Now, please note that we don't simply make these up out of thin air. All phrases are carefully tested on animals and unsuspecting people to ensure their practicality. Our scientific evidence (i.e. several trips to the emergency room with 3rd degree burns to the buttocks) has proven that this phrase is ready for common use. Try it out today and let us know how it works out (drop us a line).
entry # 1,700

January 17, 2003
Co-workers criticize me because whenever we go to Subway I ALWAYS get the meatball sub. I do it because anyone can slap together a deli-meat sandwich at home but who wants to go through the trouble of tracking, hunting down, and capturing each individual meatball just for one sandwich? I guess I'm just not an avid sportsman.
entry # 1,701

January 18, 2003
In a heartbreaking decision, Ruth Gordon has replaced Ruth Buzzi as the sexy pin-up gal on my work PC wallpaper.
entry # 1,702

January 19, 2003
Now that Microsoft has secured their hold on the world-wide operating system market, their new Windows2003 will boost more honest error messages like "What are you? A Doofus? Even my pre-school son knows how to do this!" and "You, sir, are a schmuck and an idiot." Future upgrades include the flashing of subliminal messages that make the user inexplicable mail blank checks to Mr. William Gates.
entry # 1,703

January 20, 2003
In honor of Dan Piraro, January 2003 is officially THE MONTH OF THE VESPA! Yep! For the entire month of January 2003 we will consistently avoid any mention of the Vespa... except for this entry.
entry # 1,704

January 21, 2003
Trust me on this one... While it is quite the fashion statement, stapling fried baloney to your ankles will do nothing for your lower back pain. But I guess that's the kind of advise that can be expected from my HMO's Primary Care Witch Doctor.
entry # 1,705

January 22, 2003
As the snow floats down gently to the earth outside my window, I think back to my childhood, and that January blizzard of '79 when my parents made me sleep in the backyard for two weeks in the "igloo" that my older brother and I made. I think of the snowball fights, the frostbite, the drinking of our own urine to survive.

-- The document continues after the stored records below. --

(* Let $m,n\geq 6$. Then $\phi(P_{m-5}\cup W_{n-1},x)=\phi(P_{n-5}\cup W_{m-1},x)$; that is, $P_{m-5}\cup W_{n-1}$ and $P_{n-5}\cup W_{m-1}$ are cospectral with respect to the adjacency matrix. Moreover $ME(P_{m-5}\cup W_{n-1})=ME(P_{n-5}\cup W_{m-1})$.
   Context: $P_t$ denotes the path with $t$ edges (vertices $v_1,\dots,v_{t+1}$). For $N\geq 5$, $W_N$ is the tree obtained from $P_{N-2}$ (vertices $v_1,\dots,v_{N-1}$) by attaching one new pendent vertex to $v_2$ and one new pendent vertex to $v_{N-2}$. $\cup$ denotes disjoint union. $\phi(G,x)$ is the characteristic polynomial of the adjacency matrix of the graph $G$. For a graph $G$ on $n'$ vertices with $m(G,k)$ the number of $k$-edge matchings ($m(G,0)=1$), the matching polynomial is $\varphi(G,x)=\sum_{k\geq0}(-1)^km(G,k)x^{n'-2k}$ and the matching energy $ME(G)$ is the sum of absolute values of all roots (with multiplicity) of $\varphi(G,x)$. *)

From HB Require Import structures.
From mathcomp Require Import all_boot all_order all_algebra all_field.
Set Implicit Arguments. Unset Strict Implicit. Unset Printing Implicit Defensive.
Import Order.TTheory GRing.Theory Num.Theory.
Local Open Scope ring_scope.

(* A finite simple graph on the vertex set 'I_nv, given by a symmetric
   irreflexive adjacency relation (all graphs built below are such). *)
Record sgraph := SGraph { nv : nat; adj : rel 'I_nv }.

(* P_t : path with t edges, vertices v_1..v_{t+1} encoded as 0..t. *)
Definition path_graph (t : nat) : sgraph :=
  @SGraph t.+1 (fun i j => (i.+1 == j :> nat) || (j.+1 == i :> nat)).

(* W_N (meaningful for N >= 5): path v_1..v_{N-1} (encoded 0..N-2), plus a
   pendent vertex (index N-1) attached to v_2 (index 1) and a pendent vertex
   (index N) attached to v_{N-2} (index N-3). *)
Definition W_edge (N : nat) (i j : nat) : bool :=
  [|| (i < N.-1) && (j < N.-1) && ((i.+1 == j) || (j.+1 == i)),
      (i == N.-1) && (j == 1%N), (j == N.-1) && (i == 1%N),
      (i == N) && (j == N - 3) | (j == N) && (i == N - 3)]%N.

Definition W_graph (N : nat) : sgraph :=
  @SGraph N.+1 (fun i j => W_edge N i j).

(* disjoint union G ∪ H : vertices of G first, then those of H *)
Definition dunion (G H : sgraph) : sgraph :=
  @SGraph (nv G + nv H) (fun i j =>
    match split i, split j with
    | inl a, inl b => adj a b
    | inr a, inr b => adj a b
    | _, _ => false
    end).

Definition adj_mx (G : sgraph) : 'M[int]_(nv G) :=
  \matrix_(i, j) (adj i j)%:R.

Definition charpoly_graph (G : sgraph) : {poly int} := char_poly (adj_mx G).

Definition is_matching (G : sgraph) (M : {set 'I_(nv G) * 'I_(nv G)}) : bool :=
  [forall e in M, (e.1 < e.2)%N && adj e.1 e.2] &&
  [forall e1 in M, forall e2 in M,
     (e1 != e2) ==> [disjoint [set e1.1; e1.2] & [set e2.1; e2.2]]].

Definition num_matchings (G : sgraph) (k : nat) : nat :=
  #|[set M : {set 'I_(nv G) * 'I_(nv G)} | is_matching M && (#|M| == k)]|.

(* matching polynomial  sum_{k>=0} (-1)^k m(G,k) x^{n'-2k}  (terms with
   2k > n' vanish since m(G,k) = 0 there), with complex coefficients *)
Definition matching_poly (G : sgraph) : {poly algC} :=
  \sum_(k < (nv G)./2.+1)
     ((-1) ^+ k * (num_matchings G k)%:R) *: 'X^(nv G - 2 * k).

Definition matching_roots (G : sgraph) : seq algC :=
  sval (closed_field_poly_normal (matching_poly G)).

Definition matching_energy (G : sgraph) : algC :=
  \sum_(z <- matching_roots G) `|z|.

From HB Require Import structures.
From mathcomp Require Import all_boot all_order all_algebra all_field.
From mathcomp Require Import zify ring.
Set Implicit Arguments. Unset Strict Implicit. Unset Printing Implicit Defensive.
Import GRing.Theory Num.Theory.
Definition right_cont (f : R -> R) (a : R) : Prop :=
  filterlim f (at_right a) (locally (f a)).

From Stdlib Require Import Reals Lra Psatz Classical.
From Coquelicot Require Import Coquelicot.
Open Scope R_scope.

(* The cascade (c, c_p, c_pp) is linear and closed, so it conserves L = c + c_p + c_pp;
   its equilibrium e of mass L is in detailed balance and has e_3 = \bar c_pp.  The
   chi-square distance V = sum_i (x_i - e_i)^2 / e_i to e satisfies V' <= - min(k5, k8) V,
   hence c_pp -> \bar c_pp.

   The controller conserves M = x^* + z, and
     (ln z)' = (theta k1 (M - z) - mu k2 c_pp) / (k2 c_pp + theta z).
   Let \bar z = (theta k1 M - mu k2 \bar c_pp) / (theta k1) > 0.  Once c_pp is close to
   \bar c_pp, this rate is at least some r > 0 whenever z < \bar z - eps and at most - r
   whenever z > \bar z + eps, since the denominator stays below k2 L + theta M.  So ln z
   enters and never leaves [ln (\bar z - eps), ln (\bar z + eps)].

   All denominators stay positive because every species stays positive: by continuous
   induction, as long as all species are positive each of them satisfies f' + k f >= 0. *)

(** * Calculus on the half-line *)

Lemma MVT_open f df a b : a < b ->
  (forall x, a < x < b -> is_derive f x (df x)) ->
  (forall x, a <= x <= b -> continuity_pt f x) ->
  exists c, a < c < b /\ f b - f a = df c * (b - a).
Proof.
  intros Hab Hd Hc.
  assert (Hf : forall c, a < c < b -> derivable_pt f c).
  { intros c Hc'. exists (df c). now apply is_derive_Reals, Hd. }
  assert (Hid : forall c, a < c < b -> derivable_pt id c).
  { intros c _. apply derivable_pt_id. }
  destruct (MVT f id a b Hf Hid Hab Hc) as [c [Hc' E]].
  { intros c _. apply derivable_continuous_pt, derivable_pt_id. }
  exists c; split; [exact Hc'|].
  rewrite (derive_pt_eq_0 f c (df c) (Hf c Hc')) in E by now apply is_derive_Reals, Hd.
  rewrite (derive_pt_eq_0 id c 1 (Hid c Hc')) in E by apply derivable_pt_lim_id.
  unfold id in E. lra.
Qed.

Lemma continuity_pt_is_derive f x l : is_derive f x l -> continuity_pt f x.
Proof. intros H. apply derivable_continuous_pt. exists l. now apply is_derive_Reals. Qed.

Lemma right_cont_is_derive f x l : is_derive f x l -> right_cont f x.
Proof.
  intros H. apply (filterlim_filter_le_1 (F := locally x)); [apply filter_le_within|].
  now apply continuity_pt_filterlim, continuity_pt_is_derive with l.
Qed.

Lemma right_cont_plus f g a : right_cont f a -> right_cont g a ->
  right_cont (fun s => f s + g s) a.
Proof.
  intros Hf Hg. eapply filterlim_comp_2; [exact Hf|exact Hg|].
  apply (filterlim_plus (K := R_AbsRing) (V := R_NormedModule)).
Qed.

Lemma right_cont_mult f g a : right_cont f a -> right_cont g a ->
  right_cont (fun s => f s * g s) a.
Proof.
  intros Hf Hg. eapply filterlim_comp_2; [exact Hf|exact Hg|].
  apply (filterlim_mult (K := R_AbsRing)).
Qed.

Lemma at_right_pos f t : right_cont f t -> 0 < f t -> at_right t (fun s => 0 < f s).
Proof.
  intros Hc Hp. apply Hc. exists (mkposreal _ Hp). intros y Hy.
  change (Rabs (y - f t) < f t) in Hy. apply Rabs_def2 in Hy. lra.
Qed.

I smile as I look down my misshapen feet and the lumps where my toes once were...ah, good times.
entry # 1,706

January 23, 2003
For Christmas, I received the new guitar amplifier that I had wanted-- the one that comes with the special "OstrichSwitch 2000" switch, which produces a tremendous sound that can only be described as Whoopi Goldberg-influenced Flightless Bird-rockabilly.
entry # 1,707

January 24, 2003
Two days ago the scale at work registered me at 180. Today it reads 175. While I'd like to think myself capable of birthing a five pound bowel movement, I suspect some kind of chicanery.
entry # 1,708

January 25, 2003
Life would be so much simpler if the air around us was replaced with black cherry jello.
entry # 1,709

January 26, 2003

entry # 1,710

January 27, 2003
In a futile attempt to educate our readers, TDJ presents the following grammer lesson:<>
Analogy - Similarity in some respects between things otherwise unlike (ex: A recent work memo reads: "Even with this vending machine price increase, we are still below the industry average for vending machine prices." Which is all well and good because even with my recent increase in slacking I'm still above the average for work output in my office.)
Metaphor - A figure of speech containing an implied comparison (ex: The candied-yam smile of the senior executive induced instant mistrust in those who met him.)
Simile - A figure of speech where one thing is likened to another dissimilar thing by the use of "like" or "as" (ex: The meeting was as endless as a visit to the proctologist.)
entry # 1,711

January 28, 2003
For me, nothing screams, "PRODUCTIVITITY" at the office like a few shots of Jagermeister!
entry # 1,712

January 29, 2003
When I was a little lad, my parents taught me to be shameful of my reproductive organs. But now that I've grown older and more enlightened, I am also ashamed of my liver, spleen and lower intestine.
entry # 1,713

January 30, 2003
Everyone seems to like the new Compliance manager even though he insists that you sit on his lap during meetings.
entry # 1,714

January 31, 2003
While moving into my house I tried to bribe the cable guy to give me free HBO. He didn't take it but the water guy did. Who needs old-fashioned water when you have the effervescent cleaning power of Dr. Pepper flowing from the kitchen sink?
entry # 1,715



JASON IS A NINNY!!!!!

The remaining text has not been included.